Having the cash to purchase hundreds of policies — and the operational wherewithal to review and service them — is not yet realistic despite continued efforts to structure the deals.
“Very few people can do these transactions,” said Emmanuel Modu, managing director and global head of structured finance at A.M. Best. “The pipeline is big, but I know that 99 percent of them will never happen.”
During the recent Life Settlements and Longevity Summit sponsored by IQPC, Modu and other industry players said that the ability of managers to create large pools of life settlements and securitize them is hampered by a number of problems.
Firstly, a manager would need a significant amount of capital to purchase the number of policies needed to achieve a proper spread of risk and the economics of scale for execution.
Scott Willkomm, senior vice president of Coventry Capital, explained that while the minimum number of policies often cited by rating agencies for a life settlement securitization to work is 300, the more likely number is 500 polices since not every policy would be “a diversifying asset” to the pool.
“It you don’t have that number you don’t have a meaningful spread of risk,” Willkomm said.

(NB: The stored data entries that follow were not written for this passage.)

(* Let $(\mathcal V,[\cdot,\cdots,\cdot],S)$ be a generalized metric $n$-Leibniz algebra and $\mathfrak g=\mathrm{Im}\,D\subset\mathfrak{gl}(\mathcal V)$ with the commutator bracket $[\cdot,\cdot]_C$. There is a well-defined bilinear form $\omega$ on $\mathfrak g$ determined by $$\omega(D(u_1,\dots,u_{n-1}),D(v_1,\dots,v_{n-1}))=S(D(u_1,\dots,u_{n-1})v_1,v_2,\dots,v_{n-1}),$$ and $\omega$ is symmetric, non-degenerate and ad-invariant (i.e. $\omega([x,y]_C,z)=-\omega(y,[x,z]_C)$ for $x,y,z\in\mathfrak g$). Consequently $(\mathfrak g,[\cdot,\cdot]_C,\omega)$ is a metric Lie algebra.
   Context: All vector spaces are finite-dimensional over $\mathbb R$. An $n$-Leibniz algebra is a vector space $\mathcal V$ with an $n$-linear map $[\cdot,\cdots,\cdot]$ satisfying $[u_1,\dots,u_{n-1},[v_1,\dots,v_n]]=\sum_{i=1}^n[v_1,\dots,[u_1,\dots,u_{n-1},v_i],\dots,v_n]$. A symmetric $S\in\mathrm{Sym}^{n-1}(\mathcal V^* )$ is non-degenerate if $S(u,v_1,\dots,v_{n-2})=0$ for all $v_j$ implies $u=0$. A generalized metric $n$-Leibniz algebra is an $n$-Leibniz algebra with a symmetric non-degenerate $S\in\mathrm{Sym}^{n-1}(\mathcal V^* )$ satisfying (a) unitarity: $\sum_{i=1}^{n-1}S(v_1,\dots,[u_1,\dots,u_{n-1},v_i],\dots,v_{n-1})=0$ and (b) symmetry: $S([u_1,\dots,u_{n-1},v_1],v_2,\dots,v_{n-1})=S([v_1,\dots,v_{n-1},u_1],u_2,\dots,u_{n-1})$. $D(u_1,\dots,u_{n-1})\in\mathfrak{gl}(\mathcal V)$ is $u_n\mapsto[u_1,\dots,u_{n-1},u_n]$, extended linearly to $\otimes^{n-1}\mathcal V$; $\mathfrak g=\mathrm{Im}\,D$ is the span of all such operators, which is closed under the commutator $[A,B]_C=AB-BA$. A metric Lie algebra is a Lie algebra with a symmetric non-degenerate bilinear form $\omega$ with $\omega([x,y],z)=-\omega(y,[x,z])$. *)

(* The base field R (= the reals in the paper) is an arbitrary
   realFieldType; V = 'cV[R]_d is an arbitrary finite-dimensional space;
   operators on V are d x d matrices acting on column vectors (A *m v), so
   composition of operators is matrix product. n = k.+2 (so n >= 2). *)
From HB Require Import structures.
From mathcomp Require Import all_boot all_order all_algebra all_fingroup.
Set Implicit Arguments. Unset Strict Implicit. Unset Printing Implicit Defensive.
Import Order.TTheory GRing.Theory Num.Theory.
Local Open Scope ring_scope.

Definition upd (T : Type) (m : nat) (f : {ffun 'I_m -> T}) (i : 'I_m) (x : T)
  : {ffun 'I_m -> T} := [ffun j => if j == i then x else f j].

Definition snoc (T : Type) (m : nat) (u : {ffun 'I_m -> T}) (w : T)
  : {ffun 'I_m.+1 -> T} :=
  [ffun j => if unlift ord_max j is Some l then u l else w].

Definition consv (T : Type) (m : nat) (w : T) (v : {ffun 'I_m -> T})
  : {ffun 'I_m.+1 -> T} :=
  [ffun j => if unlift ord0 j is Some l then v l else w].

Definition multilinear (R : realFieldType) (V W : lmodType R) (m : nat)
  (F : {ffun 'I_m -> V} -> W) : Prop :=
  forall (f : {ffun 'I_m -> V}) (i : 'I_m) (a : R) (x y : V),
    F (upd f i (a *: x + y)) = a *: F (upd f i x) + F (upd f i y).

Definition multilinear_form (R : realFieldType) (V : lmodType R) (m : nat)
  (F : {ffun 'I_m -> V} -> R) : Prop :=
  forall (f : {ffun 'I_m -> V}) (i : 'I_m) (a : R) (x y : V),
    F (upd f i (a *: x + y)) = a * F (upd f i x) + F (upd f i y).

Definition symmetric_form (R : realFieldType) (V : lmodType R) (m : nat)
  (F : {ffun 'I_m -> V} -> R) : Prop :=
  forall (f : {ffun 'I_m -> V}) (s : 'S_m), F [ffun j => f (s j)] = F f.

Section Defs.
Variables (R : realFieldType) (d k : nat).
Local Notation V := 'cV[R]_d.
Variable br : {ffun 'I_k.+2 -> V} -> V.
Variable S : {ffun 'I_k.+1 -> V} -> R.

Definition Dop (u : {ffun 'I_k.+1 -> V}) (w : V) : V := br (snoc u w).

Definition Dmx (u : {ffun 'I_k.+1 -> V}) : 'M[R]_d :=
  \matrix_(i, j) Dop u (delta_mx j 0) i 0.

Definition leibniz_identity : Prop :=
  forall (u : {ffun 'I_k.+1 -> V}) (v : {ffun 'I_k.+2 -> V}),
    Dop u (br v) = \sum_(i < k.+2) br (upd v i (Dop u (v i))).

Definition nondegenerate : Prop :=
  forall u : V, (forall v : {ffun 'I_k -> V}, S (consv u v) = 0) -> u = 0.

Definition unitarity : Prop :=
  forall (u v : {ffun 'I_k.+1 -> V}),
    \sum_(i < k.+1) S (upd v i (Dop u (v i))) = 0.

Definition symmetry_cond : Prop :=
  forall (u v : {ffun 'I_k.+1 -> V}),
    S (upd v ord0 (Dop u (v ord0))) = S (upd u ord0 (Dop v (u ord0))).

Definition generalized_metric_nLeibniz : Prop :=
  [/\ multilinear br, leibniz_identity, multilinear_form S & symmetric_form S] /\
  [/\ nondegenerate, unitarity & symmetry_cond].

Definition inImD (x : 'M[R]_d) : Prop :=
  exists l : seq ({ffun 'I_k.+1 -> V} * R),
    x = \sum_(p <- l) p.2 *: Dmx p.1.
End Defs.

Definition commC (R : realFieldType) (d : nat) (x y : 'M[R]_d) : 'M[R]_d :=
  x *m y - y *m x.

(* The formula forces omega on generators, and the symmetry condition makes it
   symmetric in D(u) and D(v).  Hence, expanding either argument as a linear
   combination of generators D(v_p), the value sum_p c_p S(x v_p1, ...) does not
   depend on the expansion chosen, so omega is well defined and bilinear on g.
   Non-degeneracy of S gives non-degeneracy of omega.  The Leibniz identity says
   that [D(u), D(v)] = sum_i D(v_1, ..., D(u) v_i, ..., v_(n-1)), which gives
   closure of g; combined with unitarity and symmetry it gives ad-invariance on
   generators, and bilinearity extends it to all of g. *)
From Pilot Require Import Defs.
From HB Require Import structures.
From mathcomp Require Import all_boot all_order all_algebra all_fingroup.
From Stdlib Require Import ClassicalEpsilon.
Import GRing.Theory Num.Theory.
Local Open Scope ring_scope.
Set Implicit Arguments. Unset Strict Implicit.

Section TupleUpdates.
Variable T : Type.

Lemma upd_at m (f : {ffun 'I_m -> T}) i x : upd f i x i = x.
Proof. by rewrite /upd ffunE eqxx. Qed.

Lemma upd_ne m (f : {ffun 'I_m -> T}) i j x : j != i -> upd f i x j = f j.
Proof. by rewrite /upd ffunE => /negbTE ->. Qed.

Lemma upd_upd m (f : {ffun 'I_m -> T}) i x y : upd (upd f i x) i y = upd f i y.
Proof. by apply/ffunP => j; rewrite /upd !ffunE; case: eqP. Qed.

Lemma upd_updC m (f : {ffun 'I_m -> T}) i j x y : i != j ->
  upd (upd f i x) j y = upd (upd f j y) i x.
Proof.
move=> nij; apply/ffunP => l; rewrite /upd !ffunE.
by case: (eqVneq l j) => [-> | //]; rewrite eq_sym (negbTE nij).
Qed.

Lemma snoc_max m (u : {ffun 'I_m -> T}) w : snoc u w ord_max = w.
Proof. by rewrite /snoc ffunE unlift_none. Qed.

Lemma snoc_lift m (u : {ffun 'I_m -> T}) w i : snoc u w (lift ord_max i) = u i.
Proof. by rewrite /snoc ffunE liftK. Qed.

Lemma upd_snoc_max m (u : {ffun 'I_m -> T}) w z :
  upd (snoc u w) ord_max z = snoc u z.
Proof.
apply/ffunP => j; rewrite /upd /snoc !ffunE.
case: unliftP => [l -> | ->]; last by rewrite eqxx.
by rewrite eq_sym (negbTE (neq_lift _ _)).
Qed.

Lemma upd_snoc_lift m (u : {ffun 'I_m -> T}) w i z :
  upd (snoc u w) (lift ord_max i) z = snoc (upd u i z) w.
Proof.
apply/ffunP => j; rewrite /upd /snoc !ffunE.
case: unliftP => [l -> | ->]; last by rewrite (negbTE (neq_lift _ _)).
by rewrite (inj_eq (@lift_inj _ _)) ffunE.
Qed.

Lemma consv_ord0 m (w : T) (v : {ffun 'I_m -> T}) : consv w v ord0 = w.
Proof. by rewrite /consv ffunE unlift_none. Qed.

Lemma upd_consv_ord0 m (w z : T) (v : {ffun 'I_m -> T}) :
  upd (consv w v) ord0 z = consv z v.
Proof.
apply/ffunP => j; rewrite /upd /consv !ffunE.
case: unliftP => [l -> | ->]; last by rewrite eqxx.
by rewrite eq_sym (negbTE (neq_lift _ _)).
Qed.

End TupleUpdates.

Lemma mulmx_colI (R : pzRingType) m n (A B : 'M[R]_(m, n)) :
  (forall w : 'cV[R]_n, A *m w = B *m w) -> A = B.
Proof.
move=> AB; apply/matrixP => i j.
by have /matrixP/(_ i 0) := AB (delta_mx j 0); rewrite -!colE !mxE.
Qed.

Section Commutator.
Variables (R : realFieldType) (d : nat).
Implicit Types x y z : 'M[R]_d.

Lemma commC0l y : commC 0 y = 0.
Proof. by rewrite /commC mul0mx mulmx0 subrr. Qed.

Lemma commC0r x : commC x 0 = 0.
Proof. by rewrite /commC mul0mx mulmx0 subrr. Qed.

Lemma commCZDl a x y z : commC (a *: x + y) z = a *: commC x z + commC y z.
Proof.
by rewrite /commC mulmxDl mulmxDr -scalemxAl -scalemxAr scalerBr opprD addrACA.
Qed.

Lemma commCZDr a x y z : commC z (a *: x + y) = a *: commC z x + commC z y.
Proof.
by rewrite /commC mulmxDl mulmxDr -scalemxAl -scalemxAr scalerBr opprD addrACA.
Qed.

End Commutator.

Section ImD.
Variables (R : realFieldType) (d k : nat).
Local Notation V := 'cV[R]_d.
Variable br : {ffun 'I_k.+2 -> V} -> V.

Definition Dcomb (l : seq ({ffun 'I_k.+1 -> V} * R)) : 'M[R]_d :=
  \sum_(p <- l) p.2 *: Dmx br p.1.

Lemma Dcomb1 u : Dcomb [:: (u, 1)] = Dmx br u.
Proof. by rewrite /Dcomb big_seq1 scale1r. Qed.

Lemma inImD0 : inImD br 0.
Proof. by exists [::]; rewrite big_nil. Qed.

Lemma inImD_Dmx u : inImD br (Dmx br u).
Proof. by exists [:: (u, 1)]; rewrite -/(Dcomb _) Dcomb1. Qed.

Lemma inImD_Dcomb l : inImD br (Dcomb l).
Proof. by exists l. Qed.

Lemma inImDZD a x y : inImD br x -> inImD br y -> inImD br (a *: x + y).
Proof.
move=> [l ->] [m ->]; exists ([seq (p.1, a * p.2) | p <- l] ++ m).
rewrite big_cat big_map scaler_sumr; congr (_ + _).
by apply: eq_bigr => p _; rewrite scalerA.
Qed.

Lemma inImD_sum (I : Type) (r : seq I) (f : I -> 'M[R]_d) :
  (forall i, inImD br (f i)) -> inImD br (\sum_(i <- r) f i).
Proof.
move=> gf; apply: (big_rec (inImD br)); first exact: inImD0.
by move=> i x _ gx; rewrite -[f i]scale1r; apply: inImDZD.
Qed.

Lemma inImD_ind (P : 'M[R]_d -> Prop) :
  (forall u, P (Dmx br u)) -> P 0 ->
  (forall a x y, inImD br x -> inImD br y -> P x -> P y -> P (a *: x + y)) ->
  forall x, inImD br x -> P x.
Proof.
move=> PD P0 PZD x [l ->]; elim: l => [|p l IHl]; first by rewrite big_nil.
rewrite big_cons; apply: PZD => //; first exact: inImD_Dmx.
exact: inImD_Dcomb.
Qed.

End ImD.

Section LeibnizAlgebra.
Variables (R : realFieldType) (d k : nat).
Local Notation V := 'cV[R]_d.
Variable br : {ffun 'I_k.+2 -> V} -> V.
Hypotheses (br_multilinear : multilinear br) (br_leibniz : leibniz_identity br).

Lemma Dop_is_linear u : linear (Dop br u).
Proof.
by move=> a x y; have := br_multilinear (snoc u 0) ord_max a x y;
  rewrite !upd_snoc_max.
Qed.
HB.instance Definition _ u :=
  GRing.isLinear.Build R V V _ (Dop br u) (Dop_is_linear u).

Lemma Dmx_mulmx u (w : V) : Dmx br u *m w = Dop br u w.
Proof.
rewrite [in RHS](matrix_sum_delta w) linear_sum; apply/matrixP => i z.
rewrite (ord1 z) !mxE summxE; apply: eq_bigr => j _.
by rewrite big_ord1 linearZ !mxE mulrC.
Qed.

Lemma commC_Dmx u v :
  commC (Dmx br u) (Dmx br v) = \sum_(i < k.+1) Dmx br (upd v i (Dop br u (v i))).
Proof.
apply: mulmx_colI => w.
rewrite /commC mulmxBl -!mulmxA !Dmx_mulmx mulmx_suml.
under eq_bigr => i _ do rewrite Dmx_mulmx.
have := br_leibniz u (snoc v w); rewrite big_ord_recr /= snoc_max upd_snoc_max.
rewrite /Dop => ->; rewrite addrK; apply: eq_bigr => i _.
have -> : widen_ord (leqnSn k.+1) i = lift ord_max i.
  by apply: val_inj; rewrite /= /bump leqNgt ltn_ord.
by rewrite snoc_lift upd_snoc_lift.
Qed.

That would mean a manager would need a great deal of cash on hand in order to purchase the policies needed, said Wai-Keung Tang, managing partner of Kappa-Life.
“The average [face value] of a policy is $1.2 million, so that means you need $500 million to $1 billion face in order to fund the policies,” Tang explained.
Not all managers realized the scale needed to support a life settlement securitization and often waste their time attempting to put together a deal that will not work, Modu added.
“Since 2005 I say we’ve received 200 phone calls [about life settlement securitizations]. Maybe 20 have a chance of becoming being done. Out of that 20 maybe three of four are realistic possibilities,” he said.
One solution could be to creating “warehouse lending” facilities where a lender would extend credit to the manager in order to purchase the policies. Warehouse lending was a popular tool in the expansion of the mortgage banking market until its implosion last year.
“Securitization requires you to own the stuff,” Willkomm said. “We have lacked sufficient warehousing in order to own the asset.”
While many people cite the recent AIG deal to securitize $8.4 billion in life settlements as a positive sign. However, Willkomm explained that since those polices were already owned by AIG and on their balance sheet they did not need to finance and purchase them on the open market.
Another key challenge of financing life settlement securitizations is liquidity since institutional investors that traditionally invest in securitized assets require a current coupon.
“If the investor is expecting a coupon along the way you really need to budget that in the the reserve account [of the fund],” Tan said. “That means you will have a huge negative carry on the cash you put aside.”
Even if a manager was able to finance the purchase of hundreds of life settlement policies, they would need the infrastructure to conduct the due diligence and servicing required not to run afoul of regulators, said Rachel Coan, a partner with Katten Muchin Rosenman in New York.
“The origination risk is really get it critical,” she said. “We had a client that h had to discard many policies because of those issues.”